自找苦吃。
"纳塔,留住他的狗命。"
"好的,老板。"
懒洋洋靠在阴影里的纳塔,拎起医药箱,准备开始修修补补。
反正每隔一段时间,老板都要来这一出。
他都习惯了。
相处15
屈云洲欣赏着,纳塔缝补赛里斯这个破布娃娃的血腥过程。
他要这个罪魁祸首永远活着,往后余生,只能在地下室仰望,崩溃,疯狂。
仰望他这个曾被他最看不起的私生子,怎么执掌,他最渴望得到的家族权柄。
崩溃,疯狂,为什么当初不能赶尽杀绝,为什么会失败。
屈云洲露出一个狰狞可怖的笑。
赛里斯,有一天你能走向死亡,才是你一生最大的幸运。
"纳塔处理好了,上去等我。"
屈云洲看了一会儿就觉得无趣,抬手一看腕表,发现时间差不多了。
"好的,老板。
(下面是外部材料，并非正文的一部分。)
Lemma inflow_ge0 u : 0 <= inflow u.
Proof. by rewrite /inflow; case Evw: (ac u) => [w|] //; have := ac_ascends Evw; lra. Qed.

(* Each node sends to at most one node and receives from at most one node,
   so outflow/inflow and their squares are sums of transfers. *)
Lemma outflow_sum u :
  outflow u = \sum_v transfer u v /\ outflow u ^+ 2 = \sum_v transfer u v ^+ 2.
Proof.
rewrite /outflow; case Euv: (pr u) => [v0|]; last first.
  by split; rewrite big1 ?expr0n // => v _; rewrite /transfer Euv ?expr0n.
have T0 v : v != v0 -> transfer u v = 0.
  by move=> nv; rewrite /transfer Euv; case: eqP => // -[Ev]; rewrite Ev eqxx in nv.
rewrite (sum_single T0) (@sum_single _ _ (fun v => transfer u v ^+ 2) v0).
  by rewrite /transfer Euv eqxx.
by move=> v /T0 ->; rewrite expr0n.
Qed.

Lemma inflow_sum v :
  inflow v = \sum_u transfer u v /\ inflow v ^+ 2 = \sum_u transfer u v ^+ 2.
Proof.
rewrite /inflow; case Evw: (ac v) => [w|]; last first.
  by split; rewrite big1 ?expr0n // => u _; rewrite /transfer Evw andbF ?expr0n.
have T0 u : u != w -> transfer u v = 0.
  move=> nu; rewrite /transfer Evw.
  suff -> : (Some w == Some u) = false by rewrite andbF.
  by apply/eqP => -[Eu]; rewrite Eu eqxx in nu.
rewrite (sum_single T0) (@sum_single _ _ (fun u => transfer u v ^+ 2) w).
  by rewrite /transfer Evw (ac_proposed Evw) !eqxx.
by move=> u /T0 ->; rewrite expr0n.
Qed.

Lemma round_load u : y u = x u - outflow u + inflow u.
Proof. by case: Hround => _ [_ [_ [_ ->]]]. Qed.

Lemma round_new_load_bounded w : (exists u, y w <= x u) /\ (exists u, x u <= y w).
Proof.
rewrite round_load; split.
  exists (if ac w is Some w' then w' else w).
  have := outflow_ge0 w; rewrite /inflow; case Ew: (ac w) => [w'|] ?; last lra.
  by have := ac_ascends Ew; lra.
exists (if pr w is Some v then v else w).
have := inflow_ge0 w; rewrite /outflow; case Ew: (pr w) => [v|] ?; last lra.
by have := pr_descends Ew; case: ifP => _; lra.
Qed.

Lemma round_conserves : \sum_u y u = \sum_u x u.
Proof.
under eq_bigr do rewrite round_load.
rewrite !big_split /= sumrN.
suff -> : \sum_u outflow u = \sum_u inflow u by rewrite addrNK.
under eq_bigr do rewrite (outflow_sum _).1.
by rewrite exchange_big; apply: eq_bigr => v _; rewrite (inflow_sum v).1.
Qed.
"
纳塔专注着手上的伤口,没有打麻药,病人的反应才是最真实的。
最让人喜爱的。
老板在不在,无所谓。
屈云洲扔掉鞭子,走向电梯。
边走,边嫌弃地擦了擦手上的血迹,闻了闻身上的衣服。
啧,搞得全身都是血的腥臭味。
算了,洗个澡再去找亲爱的。
半个小时后,一个鬼鬼祟祟,不,光明正大的人影,悄悄地摸进了徐秋的卧室。
床头小夜灯的灯光,昏黄又温暖。
把自己洗得干干净净的屈云洲,穿着睡袍,坐在青年的床边,翠眸温柔地注视着徐秋的睡颜。
眼角余光扫过压在枕头下的杂志一角。
"这么喜欢珠宝……"
大手轻轻抚上徐秋温热的脸颊,从指腹传来的细腻触感,让人爱不释手。
屈云洲自嘲地笑了笑。
他这种生长在黑暗中的怪物啊,最喜爱向往这样温暖的生命。
"亲爱的,用你的光与热,点亮我的人生吧。"
一个虔诚的吻,落在徐秋的额头上。
屈云洲轻手轻脚地掀开被子,躺在徐秋的身边,手臂一挥,强势地揽住青年的腰,将他困在自己胸膛处。
温热的呼吸,吐在胸口,带着旺盛的生命力。
真好。
屈云洲满足地抱着徐秋,闭目养神,等待时间的到来。
房间里点燃的安眠熏香,能够让青年陷入安稳的睡眠,却不足以让已经习惯的屈云洲沉睡过去。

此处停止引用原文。